First-pass and total viewing durations were shorter for neutral- than for full-tone targets. Although the effect did not reach significance for first-fixation durations (–4 ms), b = –0.018 ms, SE = 0.013, t = 1.41, it was reliable for gaze durations (–18 ms) and total viewing durations (–31 ms), b = –0.046 ms, SE = 0.020, t = 2.24, and b = –0.072 ms, SE = 0.025, t = 2.88, respectively. Additional analyses of regressions to the target, shown in Fig. 8, also revealed a significant effect of lexical tone, with fewer regressions to neutral- than to full-tone targets (6.3 % and 8.8 %, respectively), b = –.352 [logits], SE = .171, z = 2.06. Neutral-tone targets also received fewer first-pass fixations than full-tone targets (1.20 and 1.24, respectively). Although small, the effect was marginally significant, b = .188 [logits], SE = .103, z = 1.83, p < .1. It replicates a corresponding finding in Yan et al. (2014) and is consistent with the effect of lexical stress in Ashby and Clifton (2005), in which words with one stress received fewer fixations than those with two stresses.

Fig. 8
figure 8

Mean regression rates to the target after a subsequent word in the sentence had been viewed. The syllabic tone articulation SE from the mixed model was used to compute the 95 % confidence intervals

The analysis of AD effects revealed numerically shorter durations in the identical than in the two nonidentical AD syllable conditions, but the size of the syllable match effect was quite small for first-fixation durations and gaze durations (3 and 5 ms, respectively), and did not approach significance (both t values < 1.5). The estimated effect size was larger and marginally reliable for total viewing durations (11 ms), b = –.009 ms, SE = .005, t = 1.85, p < .1. No other AD effect approached significance, all t values < 1.5.

Posttarget word region

The target’s lexical tone did not influence any of the three posttarget viewing duration measures, all t values < 1.4. AD type influenced posttarget viewing, with longer—not shorter—viewing durations in the identical condition than in the two nonidentical AD conditions.
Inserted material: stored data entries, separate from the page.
(* Let $(S,g,h)$ be a finite almost simple $(2,m,n)$-group with Euler characteristic $\chi=-2^as^b$ for some odd prime $s$ and positive integers $a,b$, whose socle is $T=PSL_3(q)$ with $q>2$ a prime power. Then there is a positive integer $c$ and a prime $r$ with $q-1=r^c$.
   Context: A $(2,m,n)$-group is a triple $(G,g,h)$ where $G$ is a finite group, $g\in G$ has order $m$, $h\in G$ has order $n$, $G=\langle g,h\rangle$ and $(gh)^2=1$; its Euler characteristic is $\chi=|G|(\frac1m-\frac12+\frac1n)$. $S$ almost simple with socle $T$ means $T$ is non-abelian simple and $T\leq S\leq\mathrm{Aut}(T)$. *)

From HB Require Import structures.
From mathcomp Require Import all_boot all_order all_algebra all_fingroup all_solvable all_field.
Set Implicit Arguments. Unset Strict Implicit. Unset Printing Implicit Defensive.
Import GRing.Theory.
From mathcomp Require Import matrix.

Definition SL3 (F : finFieldType) : {set {'GL_3[F]}} :=
  [set x : {'GL_3[F]} | (\det (GLval x) == 1)%R].

Definition PSL3 (F : finFieldType) := (SL3 F / 'Z(SL3 F))%g.

(* S is almost simple with socle T: T is a non-abelian simple normal subgroup
   of S with trivial centraliser in S (equivalently T <= S <= Aut(T) via conjugation). *)
Definition almost_simple_with_socle (gT : finGroupType) (S T : {group gT}) : Prop :=
  [/\ T <| S, simple T, ~~ abelian T & 'C_S(T) = 1]%g.

(* (S,g,h) is a (2,m,n)-group with m = #[g], n = #[h] *)
Definition two_m_n_group (gT : finGroupType) (S : {group gT}) (g h : gT) : Prop :=
  [/\ g \in S, h \in S, <<[set g; h]>>%g = S & ((g * h) ^+ 2 = 1)%g].

Definition euler_char (gT : finGroupType) (S : {group gT}) (g h : gT) : rat :=
  (#|S|%:R * ((#[g]%g%:R)^-1 - 2^-1 + (#[h]%g%:R)^-1))%R.

From HB Require Import structures.
From mathcomp Require Import all_boot all_order all_algebra all_fingroup all_solvable all_field.
From mathcomp Require Import zify ring.
Set Implicit Arguments. Unset Strict Implicit. Unset Printing Implicit Defensive.
Import GRing.Theory.

(* With m = #[g] and n = #[h], chi = -2^a s^b reads
   |S| (mn - 2m - 2n) = 2^(a+1) s^b mn, so for a prime p outside {2, s} the
   p-part of |S| divides that of m or of n: S has a cyclic Sylow p-subgroup,
   hence p-rank at most 1, and so does its subgroup T = PSL_3(q).  But
   PSL_3(q) has p-rank at least 2 when p is the characteristic (two commuting
   transvections) and when p divides q - 1 (two commuting diagonal matrices,
   or for p = 3 a diagonal matrix and a permutation matrix commuting modulo
   scalars).  So the characteristic and every prime divisor of q - 1 lie in
   {2, s}; as the characteristic does not divide q - 1, q - 1 is a power of
   the other prime. *)

Lemma partn_dvd_orders p K N D m n :
    prime p -> coprime p K -> 0 < N -> 0 < D -> 0 < m -> 0 < n ->
    gcdn m n %| D -> N * D = K * (m * n) ->
  N`_p %| m`_p \/ N`_p %| n`_p.
Proof.
move=> p_pr pK N_gt0 D_gt0.
have K_gt0 : 0 < K by case: K pK => //; rewrite prime_coprime ?dvdn0.
wlog le_mn : m n / logn p m <= logn p n => [hyp m_gt0 n_gt0|].
  have [le_mn | /ltnW le_nm] := leqP (logn p m) (logn p n); first exact: hyp.
  rewrite gcdnC [m * n]mulnC => gcd_D eq_ND.
  by have [] := hyp n m le_nm n_gt0 m_gt0 gcd_D eq_ND; [right | left].
move=> m_gt0 n_gt0 gcd_D eq_ND; right.
have pm_D : p ^ logn p m %| D.
  by apply: dvdn_trans gcd_D; rewrite dvdn_gcd !pfactor_dvdn ?leqnn.
have := congr1 (logn p) eq_ND.
rewrite !lognM ?muln_gt0 ?m_gt0 ?n_gt0 // (logn_coprime pK) add0n => eq_logn.
rewrite !p_part dvdn_exp2l ?prime_gt1 //.
by move: pm_D; rewrite pfactor_dvdn //; lia.
Qed.

Lemma prime_power_of_pdivisors p s n :
    prime p -> prime s -> 1 < n -> coprime p n -> (p == 2) || (p == s) ->
    (forall r, prime r -> r %| n -> (r == 2) || (r == s)) ->
  exists c r, [/\ 0 < c, prime r & n = r ^ c].
Proof.
move=> p_pr s_pr n_gt1 pn p_2s n_2s.
pose t := if p == 2 then s else 2.
have t_pr : prime t by rewrite /t; case: ifP.
have [c nE] : {c | n = t ^ c}.
  apply/p_natP/(pnatP _ (ltnW n_gt1)) => r r_pr r_n.
  have r_neq_p : r != p by apply: contraTneq pn => <-; rewrite prime_coprime // r_n.
  move: r_neq_p (n_2s r r_pr r_n); move: p_2s; rewrite inE /t.
  case/orP=> /eqP-> /negPf ->; rewrite ?orbF ?eqxx //.
  by move=> /eqP->; case: ifP => // /eqP->.
by exists c, t; split=> //; case: c nE n_gt1 => // ->.
Qed.

Lemma euler_char_negE (gT : finGroupType) (S : {group gT}) (g h : gT) C :
    0 < C -> euler_char S g h = (- C%:R)%R ->
  let m := #[g]%g in let n := #[h]%g in
  #|S| * (m * n - 2 * (m + n)) = 2 * C * (m * n) /\ 2 * (m + n) < m * n.
Proof.
rewrite /euler_char => C_gt0; have := order_gt0 g; have := order_gt0 h.
move: #|S| #[g]%g #[h]%g => N m n n_gt0 m_gt0 chiE /=.
have eq_N : N * (m * n) = N * (2 * (m + n)) + 2 * C * (m * n).
  apply/eqP; rewrite -(Num.Theory.eqr_nat rat) -subr_eq0; apply/eqP.
  have m0 : (m%:R != 0 :> rat)%R by rewrite Num.Theory.pnatr_eq0 -lt0n.
  have n0 : (n%:R != 0 :> rat)%R by rewrite Num.Theory.pnatr_eq0 -lt0n.
  rewrite !(natrD, natrM).
  have -> : (N%:R * (m%:R * n%:R)
             - (N%:R * (2%:R * (m%:R + n%:R)) + 2%:R * C%:R * (m%:R * n%:R))
      = - (2%:R * m%:R * n%:R) * (N%:R * (m%:R^-1 - 2^-1 + n%:R^-1) + C%:R) :> rat)%R.
    by field; rewrite m0 n0.
  by rewrite chiE addNr mulr0.
have lt_mn : 2 * (m + n) < m * n.
  have pos : 0 < 2 * C * (m * n) by rewrite !muln_gt0 C_gt0 m_gt0 n_gt0.
  rewrite ltnNge; apply/negP => le; move: (leq_mul2l N (m * n) (2 * (m + n))).
  rewrite le orbT; lia.
by split=> //; rewrite mulnBr eq_N addKn.
Qed.

Section PRank.
Local Open Scope group_scope.
Variable gT : finGroupType.
Implicit Types (G S : {group gT}) (x y g h : gT).

Lemma p_rank_le1_elt (p : nat) G x : x \in G -> #|G|`_p %| #[x]`_p -> 'r_p(G) <= 1.
Proof.
move=> Gx dvd_Gx.
have sylX : p.-Sylow(G) <[x.`_p]>.
  rewrite pHallE cycle_subG groupX //= -orderE order_constt.
  by rewrite eqn_dvd dvd_Gx partn_dvd ?order_dvdG.
rewrite -(p_rank_Sylow sylX); apply: leq_trans (p_rank_le_rank _ _) _.
by rewrite rank_cycle leq_b1.
Qed.

Lemma p_rank_le1_euler_char (p : nat) S g h C :
    g \in S -> h \in S -> 0 < C -> euler_char S g h = (- C%:R)%R ->
    prime p -> coprime p (2 * C) ->
  'r_p(S) <= 1.
Proof.
move=> Sg Sh C_gt0 chiE p_pr pC.
have [eq_S lt_mn] := euler_char_negE C_gt0 chiE.
have gcd_D : gcdn #[g] #[h] %| #[g] * #[h] - 2 * (#[g] + #[h]).
  apply: dvdn_sub; first by rewrite dvdn_mulr ?dvdn_gcdl.
  by rewrite dvdn_mull // dvdn_add ?dvdn_gcdl ?dvdn_gcdr.
have [] := partn_dvd_orders p_pr pC (cardG_gt0 S) _ (order_gt0 g) (order_gt0 h) gcd_D eq_S.
- by rewrite subn_gt0.
- exact: p_rank_le1_elt.
- exact: p_rank_le1_elt.
Qed.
The corresponding syllable match contrast was significant for first-fixation durations (8 ms), gaze durations (14 ms), and total viewing durations (10 ms): b = .008 ms, SE = .004, t = 2.21; b = .013, SE = .005, t = 2.78; and b = .011 ms, SE = .005, t = 2.21, respectively. The similarity contrast—that is, the difference between the similar and dissimilar AD conditions—was negligible (2, 6, and 13 ms, respectively) and not reliable, t values < 1.5, for all three viewing duration measures. None of the remaining effects, including the interactions of tone type with AD type, approached significance, all t values < 1.5. That is, the tone articulation the target’s second syllable did not modulate the effects of an AD syllable.

Discussion

The two types of lexical tones were examined under relatively normal reading conditions in Experiment 2, and an AD manipulation in conjunction with different oculomotor measures was used to determine the time course and nature of the tonal effects. The key findings revealed shorter first-pass viewing durations and lower refixation probabilities for neutral- than for full-tone targets. Oculomotor measures that are sensitive to relatively late stages of lexical processing were also influenced by the tone articulation property, with shorter total viewing durations and fewer incoming regressions for neutral targets. The effects of lexically conditioned syllable articulation on first-pass target viewing replicate Yan et al. (2014), and they are consistent with the results of Experiment 1. They provide further evidence for the early use of articulation-specific features during visual word recognition, and this is inconsistent with the minimality hypothesis.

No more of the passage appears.